Entries provided:
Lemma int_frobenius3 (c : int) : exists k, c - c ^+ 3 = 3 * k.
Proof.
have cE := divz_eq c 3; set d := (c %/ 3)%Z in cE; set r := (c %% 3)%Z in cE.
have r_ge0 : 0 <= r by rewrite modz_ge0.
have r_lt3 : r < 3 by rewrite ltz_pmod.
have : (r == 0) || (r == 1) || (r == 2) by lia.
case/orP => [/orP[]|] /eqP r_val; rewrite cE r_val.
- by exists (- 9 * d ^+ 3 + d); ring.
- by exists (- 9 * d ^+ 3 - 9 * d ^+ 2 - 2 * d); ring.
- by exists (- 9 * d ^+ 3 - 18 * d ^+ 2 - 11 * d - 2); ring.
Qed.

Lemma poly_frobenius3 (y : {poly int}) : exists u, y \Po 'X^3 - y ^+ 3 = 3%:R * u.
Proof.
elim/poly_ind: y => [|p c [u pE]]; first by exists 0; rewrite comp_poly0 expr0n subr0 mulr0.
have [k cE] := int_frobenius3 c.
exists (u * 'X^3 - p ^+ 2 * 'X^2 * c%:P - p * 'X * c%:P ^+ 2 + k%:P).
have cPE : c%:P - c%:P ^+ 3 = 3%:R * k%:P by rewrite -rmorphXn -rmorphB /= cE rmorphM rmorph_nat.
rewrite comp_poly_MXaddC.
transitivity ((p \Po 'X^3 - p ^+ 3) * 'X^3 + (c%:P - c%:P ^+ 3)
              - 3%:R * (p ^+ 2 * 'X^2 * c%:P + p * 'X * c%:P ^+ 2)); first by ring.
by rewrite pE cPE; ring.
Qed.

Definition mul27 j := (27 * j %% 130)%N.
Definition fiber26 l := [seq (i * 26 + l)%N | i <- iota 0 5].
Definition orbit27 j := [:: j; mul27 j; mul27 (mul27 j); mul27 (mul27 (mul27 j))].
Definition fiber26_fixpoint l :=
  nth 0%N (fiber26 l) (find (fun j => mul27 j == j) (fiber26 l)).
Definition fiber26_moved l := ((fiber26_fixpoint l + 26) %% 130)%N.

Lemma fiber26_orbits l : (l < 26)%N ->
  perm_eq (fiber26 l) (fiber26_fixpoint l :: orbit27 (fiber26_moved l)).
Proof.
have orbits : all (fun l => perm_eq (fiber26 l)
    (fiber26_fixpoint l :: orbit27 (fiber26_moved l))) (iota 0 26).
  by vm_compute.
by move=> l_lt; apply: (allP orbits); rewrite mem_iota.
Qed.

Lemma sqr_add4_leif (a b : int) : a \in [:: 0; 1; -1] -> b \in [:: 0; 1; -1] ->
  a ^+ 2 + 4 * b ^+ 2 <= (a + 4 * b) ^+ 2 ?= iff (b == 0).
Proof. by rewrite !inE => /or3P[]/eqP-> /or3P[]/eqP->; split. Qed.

==

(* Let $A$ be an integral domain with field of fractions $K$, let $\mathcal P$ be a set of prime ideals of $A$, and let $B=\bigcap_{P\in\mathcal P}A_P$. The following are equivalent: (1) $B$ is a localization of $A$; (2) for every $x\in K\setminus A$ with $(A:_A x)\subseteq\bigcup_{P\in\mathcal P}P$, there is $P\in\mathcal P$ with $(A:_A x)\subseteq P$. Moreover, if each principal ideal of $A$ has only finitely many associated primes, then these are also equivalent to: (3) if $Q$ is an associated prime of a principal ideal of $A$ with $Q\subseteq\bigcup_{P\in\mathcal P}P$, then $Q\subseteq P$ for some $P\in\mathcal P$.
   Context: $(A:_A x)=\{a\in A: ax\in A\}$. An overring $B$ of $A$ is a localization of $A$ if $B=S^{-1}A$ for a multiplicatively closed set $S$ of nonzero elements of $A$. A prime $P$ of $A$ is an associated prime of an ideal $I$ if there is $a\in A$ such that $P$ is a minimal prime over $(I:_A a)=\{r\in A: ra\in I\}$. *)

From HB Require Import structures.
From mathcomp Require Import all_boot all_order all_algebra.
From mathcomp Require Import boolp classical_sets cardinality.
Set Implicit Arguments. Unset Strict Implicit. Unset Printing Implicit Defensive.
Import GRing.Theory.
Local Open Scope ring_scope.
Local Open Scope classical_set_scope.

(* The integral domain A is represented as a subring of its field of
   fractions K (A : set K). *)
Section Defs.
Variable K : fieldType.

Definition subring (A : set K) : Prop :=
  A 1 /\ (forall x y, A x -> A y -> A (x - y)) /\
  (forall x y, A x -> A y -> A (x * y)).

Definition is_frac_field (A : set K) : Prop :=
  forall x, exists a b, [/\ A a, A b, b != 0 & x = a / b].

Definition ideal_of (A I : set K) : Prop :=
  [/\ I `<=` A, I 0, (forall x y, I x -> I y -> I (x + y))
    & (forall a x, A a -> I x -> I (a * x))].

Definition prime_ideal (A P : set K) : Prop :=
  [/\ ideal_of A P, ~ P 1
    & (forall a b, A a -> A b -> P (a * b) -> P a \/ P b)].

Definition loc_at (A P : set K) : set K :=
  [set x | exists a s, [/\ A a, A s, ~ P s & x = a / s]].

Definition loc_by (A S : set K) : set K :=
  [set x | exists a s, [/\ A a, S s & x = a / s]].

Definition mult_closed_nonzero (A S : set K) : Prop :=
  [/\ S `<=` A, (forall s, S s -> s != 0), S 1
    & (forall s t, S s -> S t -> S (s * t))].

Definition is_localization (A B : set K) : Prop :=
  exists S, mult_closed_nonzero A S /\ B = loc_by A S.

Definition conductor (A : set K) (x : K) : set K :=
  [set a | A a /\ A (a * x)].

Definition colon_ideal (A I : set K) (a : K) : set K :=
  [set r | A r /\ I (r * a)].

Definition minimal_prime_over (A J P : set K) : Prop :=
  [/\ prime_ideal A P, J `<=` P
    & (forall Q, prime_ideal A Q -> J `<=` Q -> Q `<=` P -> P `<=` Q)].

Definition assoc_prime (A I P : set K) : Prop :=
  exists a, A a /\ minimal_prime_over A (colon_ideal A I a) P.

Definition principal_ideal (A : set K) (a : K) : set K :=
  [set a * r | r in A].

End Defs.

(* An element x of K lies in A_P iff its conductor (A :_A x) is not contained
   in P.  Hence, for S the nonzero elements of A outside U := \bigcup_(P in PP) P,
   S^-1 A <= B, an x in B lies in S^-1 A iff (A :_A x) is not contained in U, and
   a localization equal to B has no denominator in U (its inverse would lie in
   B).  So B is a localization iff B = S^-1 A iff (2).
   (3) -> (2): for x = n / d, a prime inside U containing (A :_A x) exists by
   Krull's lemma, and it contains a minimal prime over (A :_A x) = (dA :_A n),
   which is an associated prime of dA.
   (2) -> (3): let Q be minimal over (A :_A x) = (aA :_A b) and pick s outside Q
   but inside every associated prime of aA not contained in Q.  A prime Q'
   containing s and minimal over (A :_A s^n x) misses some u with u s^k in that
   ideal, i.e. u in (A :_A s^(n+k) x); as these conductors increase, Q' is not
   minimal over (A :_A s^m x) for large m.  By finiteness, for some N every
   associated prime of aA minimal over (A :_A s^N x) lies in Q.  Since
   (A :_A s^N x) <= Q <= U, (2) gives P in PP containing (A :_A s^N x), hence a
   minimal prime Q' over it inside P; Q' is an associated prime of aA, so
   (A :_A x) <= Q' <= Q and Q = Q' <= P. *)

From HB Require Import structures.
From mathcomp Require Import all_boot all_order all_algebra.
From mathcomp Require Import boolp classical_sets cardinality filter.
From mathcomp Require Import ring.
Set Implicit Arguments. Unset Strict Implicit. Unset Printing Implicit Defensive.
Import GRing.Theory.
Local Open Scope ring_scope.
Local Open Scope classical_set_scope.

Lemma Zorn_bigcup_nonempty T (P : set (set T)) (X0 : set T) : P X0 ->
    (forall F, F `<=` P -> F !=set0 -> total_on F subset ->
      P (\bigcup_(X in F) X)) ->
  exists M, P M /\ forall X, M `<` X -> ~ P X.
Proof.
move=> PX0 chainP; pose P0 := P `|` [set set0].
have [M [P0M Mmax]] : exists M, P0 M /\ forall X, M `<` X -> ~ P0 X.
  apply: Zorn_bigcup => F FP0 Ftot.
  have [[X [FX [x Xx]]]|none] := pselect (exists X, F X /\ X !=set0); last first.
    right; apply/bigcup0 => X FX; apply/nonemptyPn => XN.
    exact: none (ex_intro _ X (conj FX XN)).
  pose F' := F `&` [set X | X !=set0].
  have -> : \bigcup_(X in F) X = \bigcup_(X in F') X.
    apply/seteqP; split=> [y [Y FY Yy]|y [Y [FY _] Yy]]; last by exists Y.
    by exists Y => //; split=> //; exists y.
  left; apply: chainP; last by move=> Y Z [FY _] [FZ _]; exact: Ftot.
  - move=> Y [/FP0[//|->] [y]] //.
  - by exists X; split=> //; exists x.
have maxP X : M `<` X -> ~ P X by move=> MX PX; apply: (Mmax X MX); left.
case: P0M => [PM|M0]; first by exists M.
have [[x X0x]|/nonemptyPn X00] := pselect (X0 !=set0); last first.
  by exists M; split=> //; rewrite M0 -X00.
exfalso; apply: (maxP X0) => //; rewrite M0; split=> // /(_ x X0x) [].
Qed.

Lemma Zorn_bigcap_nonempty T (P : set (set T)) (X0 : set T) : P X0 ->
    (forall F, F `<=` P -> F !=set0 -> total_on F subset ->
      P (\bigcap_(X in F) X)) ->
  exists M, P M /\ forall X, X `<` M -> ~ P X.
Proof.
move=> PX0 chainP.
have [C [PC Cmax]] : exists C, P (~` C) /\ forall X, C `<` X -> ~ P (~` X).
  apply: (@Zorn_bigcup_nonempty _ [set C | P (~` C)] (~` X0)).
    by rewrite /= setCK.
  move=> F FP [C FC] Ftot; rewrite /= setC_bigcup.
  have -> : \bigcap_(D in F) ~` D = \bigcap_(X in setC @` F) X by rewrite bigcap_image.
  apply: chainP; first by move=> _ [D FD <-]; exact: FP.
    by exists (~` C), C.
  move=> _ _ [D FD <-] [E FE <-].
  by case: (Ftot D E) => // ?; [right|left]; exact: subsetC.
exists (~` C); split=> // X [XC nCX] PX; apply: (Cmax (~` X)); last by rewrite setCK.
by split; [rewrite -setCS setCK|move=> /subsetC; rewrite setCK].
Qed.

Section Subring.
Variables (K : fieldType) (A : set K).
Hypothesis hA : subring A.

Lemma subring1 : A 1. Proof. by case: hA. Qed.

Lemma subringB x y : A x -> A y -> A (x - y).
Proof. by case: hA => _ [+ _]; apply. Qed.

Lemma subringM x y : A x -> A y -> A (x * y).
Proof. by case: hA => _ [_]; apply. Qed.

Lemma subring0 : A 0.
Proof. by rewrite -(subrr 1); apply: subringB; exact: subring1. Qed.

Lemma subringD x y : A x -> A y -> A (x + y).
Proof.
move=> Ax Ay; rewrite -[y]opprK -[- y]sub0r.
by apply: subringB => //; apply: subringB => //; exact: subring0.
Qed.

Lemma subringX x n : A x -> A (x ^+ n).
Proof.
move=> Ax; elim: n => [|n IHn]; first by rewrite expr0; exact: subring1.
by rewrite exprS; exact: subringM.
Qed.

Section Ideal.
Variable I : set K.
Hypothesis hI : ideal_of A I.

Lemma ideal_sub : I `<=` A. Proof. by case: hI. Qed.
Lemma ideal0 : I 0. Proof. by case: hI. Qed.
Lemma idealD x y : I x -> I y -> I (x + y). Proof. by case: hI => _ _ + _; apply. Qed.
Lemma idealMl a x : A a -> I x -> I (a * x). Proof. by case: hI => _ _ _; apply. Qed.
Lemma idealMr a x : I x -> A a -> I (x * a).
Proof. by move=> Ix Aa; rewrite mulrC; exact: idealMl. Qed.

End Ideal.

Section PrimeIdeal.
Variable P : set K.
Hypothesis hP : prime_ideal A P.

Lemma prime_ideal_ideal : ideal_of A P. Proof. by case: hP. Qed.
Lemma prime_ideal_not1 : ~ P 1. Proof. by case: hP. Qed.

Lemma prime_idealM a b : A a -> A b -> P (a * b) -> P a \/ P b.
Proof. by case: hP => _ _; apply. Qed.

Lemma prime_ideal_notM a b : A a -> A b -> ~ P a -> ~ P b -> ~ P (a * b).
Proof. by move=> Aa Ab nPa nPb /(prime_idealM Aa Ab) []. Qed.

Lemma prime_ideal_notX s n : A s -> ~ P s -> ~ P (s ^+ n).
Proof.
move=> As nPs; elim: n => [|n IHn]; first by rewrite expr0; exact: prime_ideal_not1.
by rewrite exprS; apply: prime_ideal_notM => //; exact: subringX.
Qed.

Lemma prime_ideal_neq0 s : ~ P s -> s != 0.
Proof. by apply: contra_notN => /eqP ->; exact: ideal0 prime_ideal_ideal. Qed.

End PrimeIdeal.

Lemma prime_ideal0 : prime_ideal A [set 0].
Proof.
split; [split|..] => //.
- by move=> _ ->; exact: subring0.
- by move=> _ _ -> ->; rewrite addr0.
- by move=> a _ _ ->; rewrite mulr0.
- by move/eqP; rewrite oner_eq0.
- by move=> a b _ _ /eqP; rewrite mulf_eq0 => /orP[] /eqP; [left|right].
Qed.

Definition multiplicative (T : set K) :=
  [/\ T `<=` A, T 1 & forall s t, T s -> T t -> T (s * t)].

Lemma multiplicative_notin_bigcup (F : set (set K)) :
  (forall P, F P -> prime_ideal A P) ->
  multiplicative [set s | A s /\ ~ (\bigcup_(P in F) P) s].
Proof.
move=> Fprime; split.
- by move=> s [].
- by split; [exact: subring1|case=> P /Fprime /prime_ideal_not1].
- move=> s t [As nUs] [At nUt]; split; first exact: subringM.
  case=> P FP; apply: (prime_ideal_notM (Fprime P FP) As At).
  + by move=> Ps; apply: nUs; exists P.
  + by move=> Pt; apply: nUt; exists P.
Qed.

* * *

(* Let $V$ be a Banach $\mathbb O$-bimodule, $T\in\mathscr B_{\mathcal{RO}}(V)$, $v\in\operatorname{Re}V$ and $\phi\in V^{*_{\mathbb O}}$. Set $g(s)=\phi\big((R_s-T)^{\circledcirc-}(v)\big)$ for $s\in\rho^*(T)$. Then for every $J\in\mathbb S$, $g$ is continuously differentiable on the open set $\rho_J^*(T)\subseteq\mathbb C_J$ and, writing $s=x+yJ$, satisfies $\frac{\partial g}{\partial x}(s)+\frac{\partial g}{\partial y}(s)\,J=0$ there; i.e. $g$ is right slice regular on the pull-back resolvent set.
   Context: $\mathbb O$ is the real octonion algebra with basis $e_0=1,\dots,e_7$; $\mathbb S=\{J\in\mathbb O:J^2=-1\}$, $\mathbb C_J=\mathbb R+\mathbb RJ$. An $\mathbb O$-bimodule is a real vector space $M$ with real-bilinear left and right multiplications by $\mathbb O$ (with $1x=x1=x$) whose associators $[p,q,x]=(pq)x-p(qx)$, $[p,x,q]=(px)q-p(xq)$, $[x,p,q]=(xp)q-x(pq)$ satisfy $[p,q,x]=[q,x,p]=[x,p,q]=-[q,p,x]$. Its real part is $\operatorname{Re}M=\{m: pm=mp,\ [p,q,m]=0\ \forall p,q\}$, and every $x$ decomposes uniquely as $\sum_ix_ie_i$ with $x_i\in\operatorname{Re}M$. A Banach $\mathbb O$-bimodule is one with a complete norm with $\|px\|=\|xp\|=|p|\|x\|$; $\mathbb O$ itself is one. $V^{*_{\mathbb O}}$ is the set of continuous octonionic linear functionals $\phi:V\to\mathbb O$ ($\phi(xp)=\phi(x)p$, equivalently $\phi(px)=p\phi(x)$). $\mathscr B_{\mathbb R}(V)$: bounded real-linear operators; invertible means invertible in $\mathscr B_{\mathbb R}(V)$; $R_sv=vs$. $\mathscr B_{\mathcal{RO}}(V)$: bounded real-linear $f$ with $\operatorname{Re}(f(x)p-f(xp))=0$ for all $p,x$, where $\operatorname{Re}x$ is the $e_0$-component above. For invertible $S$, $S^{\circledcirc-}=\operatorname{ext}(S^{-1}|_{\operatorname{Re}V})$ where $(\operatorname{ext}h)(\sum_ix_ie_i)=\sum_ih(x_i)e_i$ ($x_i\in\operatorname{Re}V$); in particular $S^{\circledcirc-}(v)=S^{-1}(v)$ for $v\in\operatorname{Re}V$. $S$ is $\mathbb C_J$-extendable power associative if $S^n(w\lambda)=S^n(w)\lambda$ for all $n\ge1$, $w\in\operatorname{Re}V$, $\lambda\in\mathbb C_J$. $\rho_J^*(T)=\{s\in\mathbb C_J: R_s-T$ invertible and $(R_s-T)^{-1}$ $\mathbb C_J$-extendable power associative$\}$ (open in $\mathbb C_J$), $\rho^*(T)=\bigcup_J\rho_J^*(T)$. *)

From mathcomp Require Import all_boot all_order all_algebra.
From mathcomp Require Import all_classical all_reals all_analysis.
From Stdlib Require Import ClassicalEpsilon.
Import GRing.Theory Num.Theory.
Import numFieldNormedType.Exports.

Exercise instructions:
Please output exactly the lines between the one holding "by apply: subringB" and the one holding "Hypothesis hI : ideal_of A I." in the records above, inclusive, and nothing more.

Output below:
by apply: subringB => //; apply: subringB => //; exact: subring0.
Qed.

Lemma subringX x n : A x -> A (x ^+ n).
Proof.
move=> Ax; elim: n => [|n IHn]; first by rewrite expr0; exact: subring1.
by rewrite exprS; exact: subringM.
Qed.

Section Ideal.
Variable I : set K.
Hypothesis hI : ideal_of A I.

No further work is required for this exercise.